"Peculiarly distinguished among the advance guard, where all were distinguished, must be recorded . . . Private J. W. Brown, of Company F, First Georgia Regiment, who, upon hearing the order to fall back, exclaimed, 'I will give them one more shot before I leave,' and while ramming down his twenty-ninth cartridge fell dead at his post." - General Henry R. Jackson in his report of the Battle of Greenbrier River.

Sunday, January 1, 2012

January 1, 1862

"Stonewall" Jackson
 As the New Year dawns, Major General Thomas J. “Stonewall” Jackson begins his drive to take the strategic town of Romney, in western (now West) Virginia.

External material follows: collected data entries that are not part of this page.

(* Consider a Clifford circuit $C=U_d\cdots U_1$ of depth $d$ consisting of nearest-neighbor two-qubit Clifford gates on qubits located at the sites of a $D$-dimensional lattice, and let $C_t=U_t\cdots U_1$ ($C_0=I$). For any error configuration $b$, i.e. any subset of noise locations $(i,t)$ (qubit $i$, after layer $t$), let $M_b$ be the set of Pauli operators $C_t^\dagger X_iC_t$ and $C_t^\dagger Z_iC_t$ over all $(i,t)\in b$, and let $\langle M_b\rangle$ be the group they generate. Partition the lattice into hypercubic sublattices of side length $2d$ and let $G=(V,E)$ be the graph whose vertices are the sublattices, with two sublattices joined by an edge if they are adjacent (including diagonally adjacent). Let $A\subseteq V$ be the largest connected component in $G$ such that each sublattice of $A$ contains at least one non-depolarized qubit. Then there exists a Pauli operator $s$ in the centralizer $\mathsf C(\langle M_b\rangle)$ whose support meets at least half of the sublattices in $A$ and which has no support outside of (the qubits of) $A$.
   Context: A qubit $i$ is depolarized (for configuration $b$) if both $X_i$ and $Z_i$ belong to $\langle M_b\rangle$, and non-depolarized otherwise; here $X_i$ ($Z_i$) denotes $X$ ($Z$) on qubit $i$ and identity elsewhere. The centralizer $\mathsf C(H)$ of a group $H$ of Pauli operators is the set of (phaseless) Pauli operators commuting with every element of $H$. The support of a Pauli operator is the set of qubits on which it acts non-trivially. *)

From HB Require Import structures.
From mathcomp Require Import all_boot.
Set Implicit Arguments. Unset Strict Implicit. Unset Printing Implicit Defensive.

Section Lattice.
Variables (D L K : nat).

(* Qubits sit on the sites of the D-dimensional lattice {0..L-1}^D (open boundaries). *)
Definition site := {ffun 'I_D -> 'I_L}.

(* Phaseless Pauli operators: for every qubit, its (x,z) bits. *)
Definition pauli := {ffun site -> bool * bool}.
Definition pid : pauli := [ffun => (false, false)].
Definition pmul (P R : pauli) : pauli :=
  [ffun q => ((P q).1 (+) (R q).1, (P q).2 (+) (R q).2)].
Definition sympl (P R : pauli) : bool :=
  \big[addb/false]_(q : site) (((P q).1 && (R q).2) (+) ((P q).2 && (R q).1)).
Definition pcommute (P R : pauli) : bool := ~~ sympl P R.
Definition supp (P : pauli) : {set site} := [set q | P q != (false, false)].
Definition Xop (i : site) : pauli := [ffun q => (q == i, false)].
Definition Zop (i : site) : pauli := [ffun q => (false, q == i)].

Inductive gen (S : pauli -> Prop) : pauli -> Prop :=
| gen_id : gen S pid
| gen_gen P : S P -> gen S P
| gen_mul P R : gen S P -> gen S R -> gen S (pmul P R).

Definition in_centralizer (H : pauli -> Prop) (s : pauli) : Prop :=
  forall P, H P -> pcommute s P.

Definition nn (q r : site) : bool :=
  [exists j, (((nat_of_ord (q j)).+1 == nat_of_ord (r j))
              || ((nat_of_ord (r j)).+1 == nat_of_ord (q j)))
             && [forall k, (k != j) ==> (q k == r k)]].

(* two-qubit phaseless Paulis and the symplectic action of two-qubit Cliffords *)
Definition pauli2 := ((bool * bool) * (bool * bool))%type.
Definition add1 (a c : bool * bool) := (a.1 (+) c.1, a.2 (+) c.2).
Definition add2 (u v : pauli2) : pauli2 := (add1 u.1 v.1, add1 u.2 v.2).
Definition sym1 (a c : bool * bool) := (a.1 && c.2) (+) (a.2 && c.1).
Definition sym2 (u v : pauli2) := sym1 u.1 v.1 (+) sym1 u.2 v.2.
Definition clifford2 (f : pauli2 -> pauli2) : Prop :=
  [/\ forall u v, f (add2 u v) = add2 (f u) (f v),
      forall u v, sym2 (f u) (f v) = sym2 u v & bijective f].

(* a gate: qubits gq1, gq2 and the map P |-> U^dagger P U on their Paulis *)
Record gate := Gate { gq1 : site; gq2 : site; gmap : pauli2 -> pauli2 }.
Definition valid_gate (g : gate) : Prop := nn (gq1 g) (gq2 g) /\ clifford2 (gmap g).
Definition gate_support (g : gate) : {set site} := [set gq1 g; gq2 g].
Definition gate_act (g : gate) (P : pauli) : pauli :=
  let w := gmap g (P (gq1 g), P (gq2 g)) in
  [ffun q => if q == gq1 g then w.1 else if q == gq2 g then w.2 else P q].

Fixpoint all_valid (l : seq gate) : Prop :=
  if l is g :: l' then valid_gate g /\ all_valid l' else True.
Definition valid_layer (l : seq gate) : Prop :=
  all_valid l /\ pairwise (fun g h => [disjoint gate_support g & gate_support h]) l.
Definition layer_act (l : seq gate) (P : pauli) : pauli := foldr gate_act P l.

(* circuit: layers U 1, ..., U d;  heis U t P = C_t^dagger P C_t, C_t = U_t ... U_1 *)
Definition valid_circuit (d : nat) (U : nat -> seq gate) : Prop :=
  forall t, 1 <= t <= d -> valid_layer (U t).
Fixpoint heis (U : nat -> seq gate) (t : nat) (P : pauli) : pauli :=
  if t is t'.+1 then heis U t' (layer_act (U t'.+1) P) else P.

Definition Mb (d : nat) (U : nat -> seq gate) (b : {set site * 'I_d.+1}) (P : pauli) : Prop :=
  exists i (t : 'I_d.+1), (i, t) \in b /\
    (P = heis U t (Xop i) \/ P = heis U t (Zop i)).

Definition depolarized d U (b : {set site * 'I_d.+1}) (i : site) : Prop :=
  gen (Mb U b) (Xop i) /\ gen (Mb U b) (Zop i).

(* sublattices (blocks) of side s, indexed by {0..K-1}^D *)
Definition block := {ffun 'I_D -> 'I_K}.
Definition inblock (s : nat) (v : block) (q : site) : bool :=
  [forall j, (q j) %/ s == nat_of_ord (v j)].
Definition badj (v w : block) : bool :=
  (v != w) && [forall j, (nat_of_ord (v j) <= (w j).+1) && (nat_of_ord (w j) <= (v j).+1)].

Definition good_block d U (b : {set site * 'I_d.+1}) (s : nat) (v : block) : Prop :=
  exists q, inblock s v q /\ ~ depolarized U b q.

Definition is_component (good : block -> Prop) (A : {set block}) : Prop :=
  [/\ A != set0,
      forall v, v \in A -> good v,
      forall u v, u \in A -> v \in A ->
        connect (fun x y => [&& badj x y, x \in A & y \in A]) u v
    & forall u v, u \in A -> badj u v -> good v -> v \in A].

End Lattice.

From mathcomp Require Import all_boot all_algebra zify.
From mathcomp Require Import boolp.
Import GRing.Theory.

Set Implicit Arguments.
Unset Strict Implicit.
Unset Printing Implicit Defensive.

(** Let R be the set of qubits in the blocks of A and W the group of Paulis
  of the centralizer of <M_b> supported in R.  A generator of M_b has its
  support within distance d of a single qubit, so if it meets R it only
  reaches blocks of A and blocks adjacent to them; the latter, when outside
  A, are bad, i.e. fully depolarized.  Hence an element of the group
  generated by M_b and all single-qubit Paulis outside R that is supported
  in R already lies in <M_b>.  A non-depolarized qubit q of a block v of A
  therefore has X_q or Z_q outside that group, and duality over F_2 gives an
  element of W anticommuting with it, hence acting on v.  Translating by this
  element maps the elements of W avoiding v injectively to elements acting on
  v, so at least half of W acts on each block of A; averaging over W yields
  an element acting on at least half of the blocks of A. *)

Local Notation I1 := (false, false).

Section PauliGroup.
Variables D L : nat.
Local Notation site := (site D L).
Local Notation pauli := (pauli D L).
Local Notation pid := (pid D L).
Implicit Types (s P R h : pauli) (q r : site).

Lemma pmulC P R : pmul P R = pmul R P.
Proof. by apply/ffunP => q; rewrite !ffunE addbC [_ (+) (R q).2]addbC. Qed.

Lemma pmulK P R : pmul (pmul P R) R = P.
Proof. by apply/ffunP => q; rewrite !ffunE /= -!addbA !addbb !addbF; case: (P q). Qed.

Lemma pmulKl P R : pmul P (pmul P R) = R.
Proof. by rewrite pmulC [pmul P R]pmulC pmulK. Qed.

Lemma pmul_eq1 P R q : (pmul P R q == I1) = (P q == R q).
Proof. by rewrite ffunE; case: (P q) => [[] []]; case: (R q) => [[] []]. Qed.

Lemma pmul_supp P R q : pmul P R q != I1 -> P q != I1 \/ R q != I1.
Proof. by rewrite ffunE; case: (P q) => [[] []]; case: (R q) => [[] []]; auto. Qed.

Lemma sympl_sym P R : sympl P R = sympl R P.
Proof. by apply: eq_bigr => q _; rewrite addbC; congr addb; exact: andbC. Qed.

Lemma sympl_mulr s P R : sympl s (pmul P R) = sympl s P (+) sympl s R.
Proof.
rewrite /sympl -big_split /=; apply: eq_bigr => q _; rewrite !ffunE /=.
by case: (s q) => [[] []]; case: (P q) => [[] []]; case: (R q) => [[] []].
Qed.

Lemma sympl_mull s1 s2 P : sympl (pmul s1 s2) P = sympl s1 P (+) sympl s2 P.
Proof. by rewrite sympl_sym sympl_mulr !(sympl_sym P). Qed.

Lemma sympl_pid s : sympl s pid = false.
Proof. by rewrite /sympl big1 // => q _; rewrite ffunE /= !andbF. Qed.

Lemma sympl_X s r : sympl s (Xop r) = (s r).2.
Proof.
rewrite /sympl (bigD1 r) //= big1 ?addbF => [|q /negbTE qr]; rewrite !ffunE /= ?qr.
  by rewrite eqxx andbF andbT.
by rewrite !andbF.
Qed.

Lemma sympl_Z s r : sympl s (Zop r) = (s r).1.
Proof.
rewrite /sympl (bigD1 r) //= big1 ?addbF => [|q /negbTE qr]; rewrite !ffunE /= ?qr.
  by rewrite eqxx andbF andbT addbF.
by rewrite !andbF.
Qed.

Lemma commute_XZ s r : pcommute s (Xop r) && pcommute s (Zop r) = (s r == I1).
Proof. by rewrite /pcommute sympl_X sympl_Z; case: (s r) => [[] []]. Qed.

Lemma centralizer_gen S s : (forall P, S P -> pcommute s P) -> in_centralizer (gen S) s.
Proof.
move=> sS P; elim=> [|R /sS //|R Q _ sR _ sQ]; first by rewrite /pcommute sympl_pid.
by move: sR sQ; rewrite /pcommute sympl_mulr; case: sympl; case: sympl.
Qed.

Definition pauli_at q (c : bool * bool) : pauli := [ffun r => if r == q then c else I1].

Lemma gen_pauli_at S q c : gen S (Xop q) -> gen S (Zop q) -> gen S (pauli_at q c).
Proof.
move=> gX gZ.
have -> : pauli_at q c = pmul (if c.1 then Xop q else pid) (if c.2 then Zop q else pid).
  by apply/ffunP => r; case: c => [[] []]; rewrite /= !ffunE; case: (r == q).
by apply: gen_mul; case: ifP => _ //; exact: gen_id.
Qed.

Lemma gen_of_supp S P :
  (forall q, P q != I1 -> gen S (Xop q) /\ gen S (Zop q)) -> gen S P.
Proof.
suff gen_seq (l : seq site) (Q : pauli) : (forall q, Q q != I1 -> q \in l) ->
    (forall q, Q q != I1 -> gen S (Xop q) /\ gen S (Zop q)) -> gen S Q.
  by apply: (gen_seq (enum site)) => q _; rewrite mem_enum.
elim: l Q => [|q0 l IH] {}P Pl PS.
  have -> : P = pid; last exact: gen_id.
  by apply/ffunP => q; rewrite ffunE; apply/eqP/contraT => /Pl.
set c := pauli_at q0 (P q0).
have P'E q : pmul P c q = if q == q0 then I1 else P q.
  by rewrite !ffunE; case: eqP => [->|_]; rewrite ?addbb ?addbF //; case: (P q).
rewrite -(pmulK P c); apply: gen_mul.
  apply: IH => q; rewrite P'E; case: (eqVneq q q0) => // qq0 Pq.
    by move: (Pl q Pq); rewrite inE (negbTE qq0).
  exact: PS.
have [P0|/PS [gX gZ]] := eqVneq (P q0) I1; last exact: gen_pauli_at.
rewrite /c P0; have -> : pauli_at q0 I1 = pid; last exact: gen_id.
by apply/ffunP => q; rewrite !ffunE; case: ifP.
Qed.

Lemma gen_of_agree S h P : gen S h ->
  (forall q, h q != P q -> gen S (Xop q) /\ gen S (Zop q)) -> gen S P.
Proof.
move=> gh hP; rewrite -(pmulKl h P); apply: gen_mul => //.
by apply: gen_of_supp => q; rewrite pmul_eq1; exact: hP.
Qed.

Lemma card_half_supp_at (W : {set pauli}) sv q0 :
  {in W &, forall s1 s2, pmul s1 s2 \in W} -> sv \in W -> sv q0 != I1 ->
  #|W| <= 2 * #|[set s in W | s q0 != I1]|.
Proof.
move=> Wmul svW svq0; set B := [set s in W | s q0 != I1].
rewrite -(cardsID [set s : pauli | s q0 != I1] W).
have -> : W :&: [set s : pauli | s q0 != I1] = B by apply/setP => s; rewrite !inE.
rewrite mul2n -addnn leq_add2l.
have inj : injective (fun s : pauli => pmul s sv).
  by move=> x y /(congr1 (fun s => pmul s sv)); rewrite !pmulK.
rewrite -(card_imset _ inj); apply/subset_leq_card/subsetP => _ /imsetP [s + ->].
rewrite !inE negbK => /andP [/eqP sq0 sW].
by rewrite Wmul // ffunE sq0; case: (sv q0) svq0 => [[] []].
Qed.

(** Paulis are identified with row vectors over F_2; those commuting with all
  of S are read off the cokernel of the matrix whose rows are the vectors of S. *)
Section SymplecticDuality.
Local Open Scope ring_scope.

Definition b2F (b : bool) : 'F_2 := b%:R.

Lemma b2F_add a c : b2F (a (+) c) = b2F a + b2F c.
Proof. by case: a; case: c; rewrite /b2F /= ?addr0 ?add0r //; apply: val_inj. Qed.

Lemma b2F_and a c : b2F (a && c) = b2F a * b2F c.
Proof. by case: a; case: c; rewrite /b2F /= ?mulr0 ?mul0r ?mulr1. Qed.

Lemma F2_cases (x : 'F_2) : x = 0 \/ x = 1.
Proof. by case: x => [[|[|]]] //= H; [left | right]; apply: val_inj. Qed.

Lemma b2F_eq1 (x : 'F_2) : b2F (x == 1) = x.
Proof. by case: (F2_cases x) => ->. Qed.

Lemma b2F_inj : injective b2F.
Proof. by case; case => // /(congr1 val). Qed.

Let N := #|{: site * bool}|.

Definition coord P (x : site * bool) : bool := if x.2 then (P x.1).2 else (P x.1).1.
Definition vec P : 'rV['F_2]_N := \row_j b2F (coord P (enum_val j)).
Definition pauli_of_col (c : 'cV['F_2]_N) : pauli :=
  [ffun q => (c (enum_rank (q, true)) 0 == 1, c (enum_rank (q, false)) 0 == 1)].

Lemma vec_pid : vec pid = 0.
Proof. by apply/rowP => j; rewrite !mxE /coord ffunE; case: (enum_val j) => q []. Qed.

Lemma vec_mul P R : vec (pmul P R) = vec P + vec R.
Proof.
by apply/rowP => j; rewrite !mxE /coord ffunE; case: (enum_val j) => q [] /=; rewrite b2F_add.
Qed.

Lemma vec_inj : injective vec.
Proof.
move=> P R /rowP e; apply/ffunP => q.
move: (e (enum_rank (q, true))) (e (enum_rank (q, false))).
rewrite !mxE !enum_rankK /coord /= => /b2F_inj e2 /b2F_inj e1.
by move: e1 e2; case: (P q) => ? ?; case: (R q) => ? ? /= -> ->.
Qed.

Lemma vec_mul_col P c : (vec P *m c) 0 0 = b2F (sympl (pauli_of_col c) P).
Proof.
rewrite mxE /sympl (big_morph b2F b2F_add (erefl (b2F false))).
pose g x := b2F (coord P x) * b2F (c (enum_rank x) 0 == 1).
transitivity (\sum_(j < N) g (enum_val j)).
  by apply: eq_bigr => j _; rewrite /g mxE enum_valK b2F_eq1.
transitivity (\sum_(x in predT) g x); first by rewrite (big_enum_val (A := predT) g).
transitivity (\sum_(q : site) \sum_(b : bool) g (q, b)).
  by rewrite pair_big /=; apply: eq_big => // -[].
apply: eq_bigr => q _.
rewrite big_bool /g /coord /= b2F_add !b2F_and !ffunE /=.
by rewrite [b2F (P q).2 * _]mulrC [b2F (P q).1 * _]mulrC.
Qed.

Jackson believes that if he can drive out or capture the Federal garrison there, he will have a springboard to launch raids against the Baltimore and Ohio Railroad, and possibly return Western Virginia to Confederate control.

Early on the morning of January 1, Jackson’s small army begins its march from Winchester, Virginia. His forces include his own vaunted Stonewall Brigade, as well as three brigades from the Army of the Northwest, commanded by Brigadier General William W. Loring. Loring’s Fifth Brigade, led by Colonel William B. Taliaferro, consists of the Third Arkansas, Twenty-Third Virginia, Twenty-Seventh Virginia, and Ramsey’s First Georgia.

Led off by the Stonewall Brigade, Jackson’s troops start out early on an unusually warm winter morning. The air is clear, and the temperature soon rises into the 50’s. Quickly becoming overheated in the mild temperatures, many of the soldiers discard their winter coats by piling them in wagons or simply tossing them alongside the road. By early afternoon, clouds laden with snow and ice are scudding overhead, and the temperatures plunge below freezing. As frozen precipitation coats the men’s clothing and equipment, the column struggles along. The wagons are now far in the rear, leaving the soldiers unable to retrieve their coats. By that evening, the column reaches the small community of Pughtown, barely eight miles from their starting point.